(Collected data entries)
(* The factors of [rca_T] act on increasing columns, so once the factor for
   a primary pivot [(i, j)] has cleared row [i] to the right of [j], the later
   factors only subtract multiples of columns where row [i] already vanishes. *)
Lemma rca_Tcol_prod_clears r M mk (s : seq 'I_m) : swept M mk r ->
  sorted (fun a b : 'I_m => (a < b)%N) s -> forall Z : 'M[F]_m,
  (forall j i b, j \in s -> rca_primary r M mk i j -> Z i b = M i b) ->
  forall j i, j \in s -> rca_primary r M mk i j -> forall q, (j < q)%N ->
  (Z *m \big[mulmx/1%:M]_(k <- s | rca_marked_col r M mk k) rca_Tcol r M mk k) i q = 0.
Proof.
move=> [Ia _ _ _ _]; elim: s => [//|k s IH] /= srt Z hZ j i js pr q jq.
have ltn_tr : transitive (fun a b : 'I_m => (a < b)%N) by move=> ? ? ?; apply: ltn_trans.
move: srt; rewrite (path_sortedE ltn_tr) => /andP[/allP allk srt].
rewrite big_cons; case Jk: (rca_marked_col r M mk k); last first.
  have js' : j \in s.
    move: js; rewrite inE => /orP[/eqP jk|//].
    by move: Jk; rewrite /rca_marked_col -jk => /existsPn /(_ i); rewrite pr.
  by apply: (IH srt Z _ j i js' pr q jq) => j' i' b j's; apply: hZ; rewrite inE j's orbT.
rewrite mulmxA; move: js; rewrite inE => /orP[/eqP jk|js]; last first.
  apply: (IH srt _ _ j i js pr q jq) => j' i' b j's pr'.
  have [d' _ _] := rca_primary_facts pr'; have /existsP[i'' /rca_primary_facts[_ _ fk]] := Jk.
  have kj' := allk j' j's.
  by rewrite mulmx_rca_Tcol !(hZ j') ?inE ?j's ?orbT // (Ia k fk i') ?mul0r ?subr0 //; lia.
rewrite jk in pr jq; have [d Mik fk] := rca_primary_facts pr.
rewrite mxE big1 // => c _; have [kc|ck] := ltnP k c.
  rewrite mulmx_rca_Tcol (rca_coef_primary pr kc) !(hZ k) ?mem_head //.
  by rewrite [M i k * _]mulrC divfK // subrr mul0r.
rewrite big_mulmx_id_row ?ord_ltn_eqF ?mulr0 //; first exact: leq_ltn_trans ck jq.
move=> j' j's _ b; apply: rca_Tcol_id_row; apply: contraTneq (allk j' j's) => <-.
by rewrite -leqNgt.
Qed.

Lemma sorted_index_enum_ord : sorted (fun a b : 'I_m => (a < b)%N) (index_enum 'I_m).
Proof.
by rewrite /index_enum -enumT -(sorted_map (f := val) (e' := ltn)) val_enum_ord iota_ltn_sorted.
Qed.

Lemma rca_T_clears_row r M mk i j : swept M mk r -> rca_primary r M mk i j ->
  forall q, (j < q)%N -> (M *m rca_T r M mk) i q = 0.
Proof.
move=> sw pr q jq.
exact: (rca_Tcol_prod_clears sw sorted_index_enum_ord _ (mem_index_enum j) pr jq).
Qed.

Lemma mulmx_rca_T_id r M mk a b :
  (forall k, (k < b)%N -> rca_marked_col r M mk k -> M a k = 0) ->
  (M *m rca_T r M mk) a b = M a b.
Proof.
move=> H; have uT := @rca_T_unitrig r M mk.
rewrite mulmx_unitrigr // big1 ?addr0 // => k kb.
case Jk: (rca_marked_col r M mk k); first by rewrite H ?mul0r.
by rewrite rca_T_id_row ?Jk // ord_ltn_eqF ?mulr0.
Qed.

(* The combined effect of the row cancellations of RCA: each row with a pivot,
   up to lower rows, vanishes on the unmarked columns. *)
Definition rows_cleared M mk := forall i p, mk i p != 0%N ->
  exists v : 'rV[F]_m, [/\ v 0 i = 1, (forall a, (a < i)%N -> v 0 a = 0) &
     (forall q, col_free mk q -> (v *m M) 0 q = 0)].

Lemma rows_cleared_free r M mk i p q : swept M mk r -> rows_cleared M mk ->
  mk i p != 0%N -> col_free mk q -> (q <= i + r)%N -> M i q = 0.
Proof.
move=> [Ia _ _ _ _] cl nz fq qi; have [v [v1 v0 vM]] := cl i p nz.
have := vM q fq; rewrite mxE (bigD1 i) //= v1 mul1r big1 ?addr0 // => k ki.
have [lt|gt] := ltnP k i; first by rewrite v0 ?mul0r.
have ik : (i < k)%N by rewrite ltn_neqAle gt andbT eq_sym.
by rewrite (Ia q fq k) ?mulr0 //; lia.
Qed.

Lemma rca_new_pivots r M mk : swept M mk r -> rows_cleared M mk ->
  new_pivots r M mk (rca_primary r M mk).
Proof.
move=> sw cl i j pr; have [d nz fj] := rca_primary_facts pr; split=> //.
apply/negP => /pivot_col_marked rp.
by move: nz; rewrite (rows_cleared_free sw cl rp fj) ?eqxx //; lia.
Qed.

Lemma rca_step_marks r M mk : (rca_step r (M, mk)).2 = mark_step mk (rca_primary r M mk) r.
Proof. by []. Qed.

Lemma rca_step_swept r M mk : (0 < r)%N -> swept M mk r -> rows_cleared M mk ->
  swept (rca_step r (M, mk)).1 (rca_step r (M, mk)).2 r.+1.
Proof.
move=> r0 sw cl; have [Ia _ Ic _ _] := sw; apply: swept_step => //.
- exact: rca_T_unitrig.
- exact: rca_new_pivots.
- move=> j fj np a ja; rewrite mulmx_rca_T_id => [|k kj /rca_marked_col_free fk]; last first.
    by apply: Ia => //; lia.
  have [lt|ge] := ltnP j (a + r); first exact: Ia.
  apply/eqP; apply: contraT => Maj; move: (np a).
  by rewrite /rca_primary /on_diag Maj fj andbT => /negP[]; apply/eqP; lia.
move=> i p h a ia; rewrite mulmx_rca_T_id // => k kp /rca_marked_col_free fk.
apply: Ia => //; suff : (p <= i + r)%N by lia.
case/orP: h => [/Ic[e /andP[_ lt]]|/rca_primary_facts[d _ _]]; lia.
Qed.

Lemma rca_step_rows_cleared r M mk : (0 < r)%N -> swept M mk r -> rows_cleared M mk ->
  rows_cleared (rca_step r (M, mk)).1 (rca_step r (M, mk)).2.
Proof.
move=> r0 sw cl i p; have [Ia _ _ _ _] := sw; set T := rca_T r M mk.
have uT : unitrig T by apply: rca_T_unitrig.
rewrite rca_step_marks mark_step_neq0 // => /orP[old|/andP[/eqP mz pr]].
  have [v [v1 v0 vM]] := cl i p old; exists (v *m T); split.
  - by rewrite mulmx_unitrigr // v1 big1 ?addr0 // => k ki; rewrite v0 ?mul0r.
  - move=> a ai; rewrite mulmx_unitrigr // v0 // add0r big1 // => k ka.
    by rewrite v0 ?mul0r // (ltn_trans ka ai).
  move=> q /(col_free_mark_step r0)[fq _] /=.
  rewrite !mulmxA mulmxK ?unitrig_unit // mulmx_unitrigr // vM // add0r big1 // => k kq.
  case Jk: (rca_marked_col r M mk k); first by rewrite (vM k (rca_marked_col_free Jk)) mul0r.
  by rewrite rca_T_id_row ?Jk // ord_ltn_eqF ?mulr0.
exists (row i T); split=> [|a ai|q /(col_free_mark_step r0)[fq np] /=].
- by rewrite mxE; case: uT.
- by rewrite mxE; case: uT => _ ->.
rewrite -row_mul !mulmxA mulmxV ?unitrig_unit // mul1mx mxE.
have [d nz fp] := rca_primary_facts pr.
have [pq|qp] := ltnP p q; first exact: (rca_T_clears_row sw pr pq).
have qp' : (q < p)%N.
  rewrite ltn_neqAle qp andbT; apply: contraTneq (np i) => qpE.
  by rewrite negbK (_ : q = p) //; apply: ord_inj.
rewrite mulmx_rca_T_id => [|k kq /rca_marked_col_free fk]; apply: Ia => //; lia.
Qed.

(** * Comparison of the two algorithms *)

Lemma swept_corner_eq r M1 mk1 M2 mk2 i0 j0 :
  swept M1 mk1 r -> swept M2 mk2 r -> mk1 =2 mk2 -> unitrig_similar M1 M2 ->
  (j0 <= i0 + r)%N -> (forall p, mk1 i0 p != 0%N -> p = j0) ->
  col_free mk1 j0 \/ mk1 i0 j0 != 0%N -> M1 i0 j0 = M2 i0 j0.
Proof.
move=> sw1 sw2 E [A uA MA] jr hrow hcol.
apply: (conj_unitrig_corner_eq uA MA).
- exact: swept_low_injective sw1 jr hrow.
- by apply: (swept_low_injective sw2 jr) => p; rewrite -E; apply: hrow.
- exact: swept_vanish_below sw1 jr hcol.
Qed.

Definition isa_rca_inv r (st1 st2 : 'M[F]_m * marking m) :=
  [/\ swept st1.1 st1.2 r, swept st2.1 st2.2 r, rows_cleared st2.1 st2.2,
      st1.2 =2 st2.2 & unitrig_similar st1.1 st2.1].

(* A candidate in a row that already has a pivot becomes a change-of-basis pivot
   in ISA, but such candidates do not exist in RCA since the row has been
   cleared; in a row without pivot the candidate entries agree. *)
Lemma isa_rca_primaryE r M1 mk1 M2 mk2 : isa_rca_inv r (M1, mk1) (M2, mk2) ->
  isa_primary r M1 mk1 =2 rca_primary r M2 mk2.
Proof.
move=> [sw1 sw2 cl E sim] i j; rewrite /= in sw1 sw2 cl E sim.
have cfE : col_free mk1 j = col_free mk2 j by apply: eq_forallb => i'; rewrite E.
rewrite /isa_primary /isa_cand /rca_primary -cfE.
have [/eqP d|] := boolP (on_diag r i j) => //=; have [cf|] := boolP (col_free mk1 j) => /=;
  rewrite ?andbF //.
have jr : (j <= i + r)%N by rewrite -d.
have [rp|nrp] := boolP (row_has_pivot mk1 i).
  have hp := pivot_col_marked rp; rewrite E in hp.
  by rewrite (rows_cleared_free sw2 cl hp) ?eqxx ?andbF // -cfE.
rewrite andbT (swept_corner_eq sw1 sw2 E sim jr) //; last by left.
by move=> p hp; move: nrp; rewrite (marked_row_has_pivot hp).
Qed.

Lemma isa_rca_marks_step r M1 mk1 M2 mk2 : isa_rca_inv r (M1, mk1) (M2, mk2) ->
  (isa_step r (M1, mk1)).2 =2 (rca_step r (M2, mk2)).2.
Proof.
move=> inv i j; have [_ _ _ /= E _] := inv.
by rewrite E (isa_rca_primaryE inv).
Qed.

Lemma isa_rca_inv_step r M1 mk1 M2 mk2 : (0 < r)%N ->
  isa_rca_inv r (M1, mk1) (M2, mk2) ->
  isa_rca_inv r.+1 (isa_step r (M1, mk1)) (rca_step r (M2, mk2)).
Proof.
move=> r0 inv; have [/= sw1 sw2 cl _ sim] := inv; split.
- exact: isa_step_swept.
- exact: rca_step_swept.
- exact: rca_step_rows_cleared.
- exact: isa_rca_marks_step.
- exact: unitrig_similar_conj (isa_T_unitrig sw1) (rca_T_unitrig r M2 mk2) sim.
Qed.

**Exercise:** Filter the entries above down to the lines that hold the word "mulmxA", and copy those lines.

**Solution:**
rewrite mulmxA; move: js; rewrite inE => /orP[/eqP jk|js]; last first.
  rewrite !mulmxA mulmxK ?unitrig_unit // mulmx_unitrigr // vM // add0r big1 // => k kq.
rewrite -row_mul !mulmxA mulmxV ?unitrig_unit // mul1mx mxE.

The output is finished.